Version 1.01: Typos and other errors removed in the documentation. Also included in
the documentation a link to a tutorial on data processing on manifolds.


=head1 DESCRIPTION

If you are new to machine learning and data clustering on linear and nonlinear
manifolds, your first question is likely to be: What is a manifold?  A manifold is a
space that is locally Euclidean. And a space is locally Euclidean if it allows for
the points in a small neighborhood to be represented by, say, the Cartesian
coordinates and if the distances between the points in the neighborhood are given by
the Euclidean metric.  For an example, the set of all points on the surface of a
sphere does NOT constitute a Euclidean space.  Nonetheless, if you confined your
attention to a small enough neighborhood around a point, the space would seem to be
locally Euclidean.  The surface of a sphere is a 2-dimensional manifold embedded in a
3-dimensional space.  A plane in a 3-dimensional space is also a 2-dimensional
manifold.
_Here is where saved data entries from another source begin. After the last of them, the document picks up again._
(* Let $V=\{v_1,\dots,v_k\}$ be an amenable collection of vectors subordinate to a $\mathbb{Q}$-nef partition $E_1,\dots,E_{k+1}$ of a complete fan $\Sigma$ in $M_\mathbb{R}$. Then $\mathrm{span}_\mathbb{Z}(v_1,\dots,v_k)$ is a saturated sublattice of $N$. In particular, there is a basis of $N$ containing $v_1,\dots,v_k$.
   Context: $M$ lattice of rank $n$, $N=\mathrm{Hom}(M,\mathbb{Z})$; $\Sigma$ complete fan of strictly convex rational cones in $M_\mathbb{R}$, $\Sigma[1]\subset M$ its primitive ray generators. A $\mathbb{Q}$-nef partition is an ordered partition $\Sigma[1]=E_1\sqcup\dots\sqcup E_{k+1}$ (with convex $\Sigma$-piecewise linear rational functions $\varphi_i$, $\varphi_i(\rho)=\delta_{ij}$ for $\rho\in E_j$). An amenable collection subordinate to it is $V=\{v_1,\dots,v_k\}\subset N$ with $\langle v_i,\rho\rangle=-1$ for $\rho\in E_i$, $\langle v_i,\rho\rangle\ge0$ for $\rho\in E_j$ with $i<j\le k+1$, and $\langle v_i,\rho\rangle=0$ for $\rho\in E_j$ with $j<i$. *)

From mathcomp Require Import all_boot all_order all_algebra.
From mathcomp Require Import reals.
Set Implicit Arguments. Unset Strict Implicit. Unset Printing Implicit Defensive.
Import Order.TTheory GRing.Theory Num.Theory.
Local Open Scope ring_scope.

(* Conventions: M = Z^n (row vectors 'rV[int]_n), N = Hom(M,Z) = Z^n with the
   standard pairing; M_R = 'rV[R]_n for a real number type R. *)

Section Toric.
Variables (R : realType) (n : nat).

Definition pair (u m : 'rV[int]_n) : int := \sum_(i < n) u 0 i * m 0 i.

Definition pairR (u x : 'rV[R]_n) : R := \sum_(i < n) u 0 i * x 0 i.

Definition toR (m : 'rV[int]_n) : 'rV[R]_n := map_mx (fun z : int => z%:~R) m.

Definition cone (S : seq 'rV[int]_n) (x : 'rV[R]_n) : Prop :=
  exists c : 'I_(size S) -> R,
    (forall i, 0 <= c i) /\ x = \sum_(i < size S) c i *: toR (S`_i).

Definition strictly_convex (C : 'rV[R]_n -> Prop) : Prop :=
  forall x, C x -> C (- x) -> x = 0.

Definition face_of (F C : 'rV[R]_n -> Prop) : Prop :=
  exists u : 'rV[R]_n, (forall x, C x -> 0 <= pairR u x) /\
    (forall x, F x <-> (C x /\ pairR u x = 0)).

Definition is_fan (Sigma : seq (seq 'rV[int]_n)) : Prop :=
  [/\ forall s, s \in Sigma -> strictly_convex (cone s),
      forall s (F : 'rV[R]_n -> Prop), s \in Sigma -> face_of F (cone s) ->
        exists2 t, t \in Sigma & forall x, F x <-> cone t x
    & forall s t, s \in Sigma -> t \in Sigma ->
        face_of (fun x => cone s x /\ cone t x) (cone s) /\
        face_of (fun x => cone s x /\ cone t x) (cone t)].

Definition is_complete_fan (Sigma : seq (seq 'rV[int]_n)) : Prop :=
  is_fan Sigma /\ forall x : 'rV[R]_n, exists2 s, s \in Sigma & cone s x.

Definition primitive (r : 'rV[int]_n) : Prop :=
  r != 0 /\ forall (c : int) (w : 'rV[int]_n), r = c *: w -> `|c| = 1.

Definition is_ray (Sigma : seq (seq 'rV[int]_n)) (rho : 'rV[int]_n) : Prop :=
  primitive rho /\ exists2 s, s \in Sigma & forall x, cone s x <-> cone [:: rho] x.

Definition piecewise_linear_rat (Sigma : seq (seq 'rV[int]_n))
  (phi : 'rV[R]_n -> R) : Prop :=
  forall s, s \in Sigma -> exists m : 'rV[rat]_n,
    forall x, cone s x -> phi x = \sum_(i < n) ratr (m 0 i) * x 0 i.

Definition convex_fun (phi : 'rV[R]_n -> R) : Prop :=
  forall (x y : 'rV[R]_n) (t : R), 0 <= t -> t <= 1 ->
    phi (t *: x + (1 - t) *: y) <= t * phi x + (1 - t) * phi y.

(* Q-nef partition Sigma[1] = E_1 |_| ... |_| E_{k+1}: the part containing a ray rho
   is E rho : 'I_k.+1 (index j stands for E_{j+1}); parts are nonempty. *)
Definition Qnef_partition (Sigma : seq (seq 'rV[int]_n)) (k : nat)
  (E : 'rV[int]_n -> 'I_k.+1) : Prop :=
  (forall j : 'I_k.+1, exists rho, is_ray Sigma rho /\ E rho = j) /\
  exists phi : 'I_k.+1 -> 'rV[R]_n -> R,
    forall i : 'I_k.+1,
      [/\ piecewise_linear_rat Sigma (phi i), convex_fun (phi i)
        & forall rho, is_ray Sigma rho -> phi i (toR rho) = (E rho == i)%:R].

(* amenable collection v_1,...,v_k (v i stands for v_{i+1}) subordinate to E *)
Definition amenable (Sigma : seq (seq 'rV[int]_n)) (k : nat)
  (E : 'rV[int]_n -> 'I_k.+1) (v : 'I_k -> 'rV[int]_n) : Prop :=
  forall (i : 'I_k) rho, is_ray Sigma rho ->
    [/\ (nat_of_ord (E rho) == nat_of_ord i)%N -> pair (v i) rho = -1,
        (nat_of_ord i < E rho)%N -> 0 <= pair (v i) rho
      & (E rho < nat_of_ord i)%N -> pair (v i) rho = 0].

End Toric.

Definition in_span (n k : nat) (v : 'I_k -> 'rV[int]_n) (w : 'rV[int]_n) : Prop :=
  exists c : 'I_k -> int, w = \sum_(i < k) c i *: v i.

Definition saturated_span (n k : nat) (v : 'I_k -> 'rV[int]_n) : Prop :=
  forall (m : int) (w : 'rV[int]_n), m != 0 -> in_span v (m *: w) -> in_span v w.

Definition is_Zbasis (n : nat) (b : 'I_n -> 'rV[int]_n) : Prop :=
  (forall w, in_span b w) /\
  (forall c : 'I_n -> int, \sum_(j < n) c j *: b j = 0 -> forall j, c j = 0).

From mathcomp Require Import all_boot all_order all_algebra.
From mathcomp Require Import reals.
Set Implicit Arguments.
Unset Strict Implicit.
Unset Printing Implicit Defensive.
Import Order.TTheory GRing.Theory Num.Theory.
Local Open Scope ring_scope.

(* Pick a ray rho_j in each part E_j, j <= k.  The amenability conditions make
   the k x k matrix (<v_i, rho_j>) triangular with diagonal -1, hence
   unimodular, so the matrix V with rows v_i has a right inverse B over Z.
   This gives saturation (if m w = c V then m (w B) = c, hence w = (w B) V),
   and, through the Smith normal form of V, a completion of the rows of V to a
   unimodular matrix. *)

Lemma unitmx_Zbasis q (W : 'M[int]_q) :
  W \in unitmx -> is_Zbasis (fun i => row i W).
Proof.
move=> Wu; split.
  move=> w; exists (fun i => (w *m invmx W) 0 i).
  by rewrite -mulmx_sum_row mulmxKV.
move=> c cW0; have := congr1 (mulmx^~ (invmx W)) cW0.
have -> : \sum_j c j *: row j W = \row_j c j *m W.
  by rewrite mulmx_sum_row; apply: eq_bigr => j _; rewrite mxE.
rewrite mulmxK // mul0mx => /rowP c0 j.
by have := c0 j; rewrite !mxE.
Qed.

Lemma unimodular_completion k m (V : 'M[int]_(k, k + m)) (B : 'M[int]_(k + m, k)) :
  V *m B = 1%:M -> exists2 W : 'M[int]_(k + m), W \in unitmx & usubmx W = V.
Proof.
(* With V = L [D 0] S in Smith form, the right inverse forces L D to be
   unimodular, and then V stacked over the last m rows of S is
   block_mx (L D) 0 0 1 *m S. *)
move=> VB; have [L Lu [S Su [d _ VE]]] := int_Smith_normal_form V.
pose D : 'M[int]_k := \matrix_(i, j) (d`_i *+ (i == j :> nat)).
have DE : (\matrix_(i, j) (d`_i *+ (i == j :> nat)) : 'M[int]_(k, k + m))
    = row_mx D 0.
  apply/matrixP => i j; rewrite -[j]splitK; case: (split j) => j' /=.
    by rewrite row_mxEl !mxE.
  rewrite row_mxEr !mxE /=; case: eqP => [ij|]; last by rewrite mulr0n.
  by have := ltn_ord i; rewrite ij ltnNge leq_addr.
have {}VE : V = L *m D *m usubmx S.
  by rewrite VE DE -[S in LHS]vsubmxK -mulmxA mul_row_col mul0mx addr0 mulmxA.
have LDu : L *m D \in unitmx.
  move: VB; rewrite VE -!mulmxA => /mulmx1_unit[_].
  by rewrite unitmx_mul => /andP[+ _]; rewrite unitmx_mul Lu.
exists (col_mx V (dsubmx S)); last by rewrite col_mxKu.
have -> : col_mx V (dsubmx S) = block_mx (L *m D) 0 0 1%:M *m S.
  by rewrite -[S in RHS]vsubmxK mul_block_col !mul0mx mul1mx addr0 add0r -VE.
by rewrite unitmx_mul Su andbT unitmxE det_ublock det1 mulr1 -unitmxE.
Qed.

Lemma right_invertible_leq k n (V : 'M[int]_(k, n)) (B : 'M[int]_(n, k)) :
  V *m B = 1%:M -> (k <= n)%N.
Proof.
move=> /(congr1 (map_mx (intr : int -> rat))); rewrite map_mxM map_mx1 => VBQ.
have := mxrankM_maxl (map_mx (intr : int -> rat) V) (map_mx (intr : int -> rat) B).
by rewrite VBQ mxrank1 => /leq_trans; apply; apply: rank_leq_col.
Qed.

Section RightInvertibleFamily.
Variables (k n : nat) (v : 'I_k -> 'rV[int]_n) (B : 'M[int]_(n, k)).
Hypothesis vB : (\matrix_i v i) *m B = 1%:M.

Lemma sum_scale_familyE (c : 'I_k -> int) :
  \sum_i c i *: v i = (\row_i c i) *m \matrix_i v i.
Proof. by rewrite mulmx_sum_row; apply: eq_bigr => i _; rewrite rowK mxE. Qed.

Lemma right_invertible_saturated : saturated_span v.
Proof.
move=> m w m0 [c]; rewrite sum_scale_familyE => mwE.
exists (fun i => (w *m B) 0 i); rewrite sum_scale_familyE.
have cE : \row_i c i = m *: (w *m B).
  by rewrite scalemxAl mwE -mulmxA vB mulmx1.
have -> : \row_i (w *m B) 0 i = w *m B by apply/rowP => j; rewrite mxE.
apply/rowP => j; apply: (mulfI m0).
have := congr1 (fun u : 'rV_n => u 0 j) mwE.
by rewrite cE -scalemxAl /= !mxE.
Qed.

Lemma right_invertible_basis_completion :
  exists (b : 'I_n -> 'rV[int]_n) (f : 'I_k -> 'I_n),
    is_Zbasis b /\ injective f /\ forall i, b (f i) = v i.
Proof.
have [m nE] : exists m, n = (k + m)%N.
  by exists (n - k)%N; rewrite subnKC // (right_invertible_leq vB).
subst n; have [W Wu WE] := unimodular_completion vB.
exists (fun i => row i W), (lshift m); split; first exact: unitmx_Zbasis.
split; first exact: lshift_inj.
by move=> i; rewrite -(rowK v i) -WE; apply/rowP => j; rewrite !mxE.
Qed.

End RightInvertibleFamily.

Section TriangularPairing.
Variables (k n : nat) (v rho : 'I_k -> 'rV[int]_n).
Hypothesis pair_diag : forall i, pair (v i) (rho i) = -1.
Hypothesis pair_lower : forall i j : 'I_k, (j < i)%N -> pair (v i) (rho j) = 0.

Lemma pairing_mxE i j :
  ((\matrix_i v i) *m (\matrix_j rho j)^T) i j = pair (v i) (rho j).
Proof. by rewrite !mxE; apply: eq_bigr => l _; rewrite !mxE. Qed.

Lemma triangular_pairing_right_inverse :
  exists B, (\matrix_i v i) *m B = 1%:M.
Proof.
set P := (\matrix_i v i) *m (\matrix_j rho j)^T.
have Pu : P \in unitmx.
  rewrite -unitmx_tr unitmxE det_trig; last first.
    by apply/is_trig_mxP => i j ij; rewrite mxE pairing_mxE pair_lower.
  rewrite (eq_bigr (fun _ => -1)) ?prodr_const ?unitrX ?unitrN1 // => i _.
  by rewrite mxE pairing_mxE pair_diag.
by exists ((\matrix_j rho j)^T *m invmx P); rewrite mulmxA mulmxV.
Qed.

End TriangularPairing.

Theorem proposition2p3 (R : realType) (n k : nat)
  (Sigma : seq (seq 'rV[int]_n)) (E : 'rV[int]_n -> 'I_k.+1)
  (v : 'I_k -> 'rV[int]_n) :
  is_complete_fan R Sigma ->
  Qnef_partition R Sigma E ->
  amenable R Sigma E v ->
  saturated_span v /\
  exists (b : 'I_n -> 'rV[int]_n) (f : 'I_k -> 'I_n),
    is_Zbasis b /\ injective f /\ forall i, b (f i) = v i.
Proof.
move=> _ [parts_nonempty _] vE.
have [rho rhoE] :=
  fin_all_exists (fun i : 'I_k => parts_nonempty (widen_ord (leqnSn k) i)).
have [B vB] : exists B, (\matrix_i v i) *m B = 1%:M.
  apply: (@triangular_pairing_right_inverse _ _ v rho) => [i|i j ji].
    by have [rayi Ei] := rhoE i; have [-> //] := vE i _ rayi; rewrite Ei.
  by have [rayj Ej] := rhoE j; have [_ _ -> //] := vE i _ rayj; rewrite Ej.
split; first exact: right_invertible_saturated vB.
exact: right_invertible_basis_completion vB.
Qed.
You would think of the surface of a sphere as a nonlinear manifold, whereas
a plane would be a linear manifold.  However, note that any nonlinear manifold is
locally a linear manifold.  That is, given a sufficiently small neighborhood on a
nonlinear manifold, you can always think of it as a locally flat surface.

As to why we need machine learning and data clustering on manifolds, there exist many
important applications in which the measured data resides on a nonlinear manifold.
For example, when you record images of a human face from different angles, all the
image pixels taken together fall on a low-dimensional surface in a high-dimensional
measurement space. The same is believed to be true for the satellite images of a land
mass that are recorded with the sun at different angles with respect to the direction
of the camera.

Reducing the dimensionality of the sort of data mentioned above is critical to the
proper functioning of downstream classification algorithms, and the most popular
traditional method for dimensionality reduction is the Principal Components Analysis
(PCA) algorithm.  However, using PCA is tantamount to passing a linear least-squares
hyperplane through the surface on which the data actually resides.  As to why that
might be a bad thing to do, just imagine the consequences of assuming that your data
falls on a straight line when, in reality, it falls on a strongly curving arc.  This
is exactly what happens with PCA --- it gives you a linear manifold approximation to
your data that may actually reside on a curved surface.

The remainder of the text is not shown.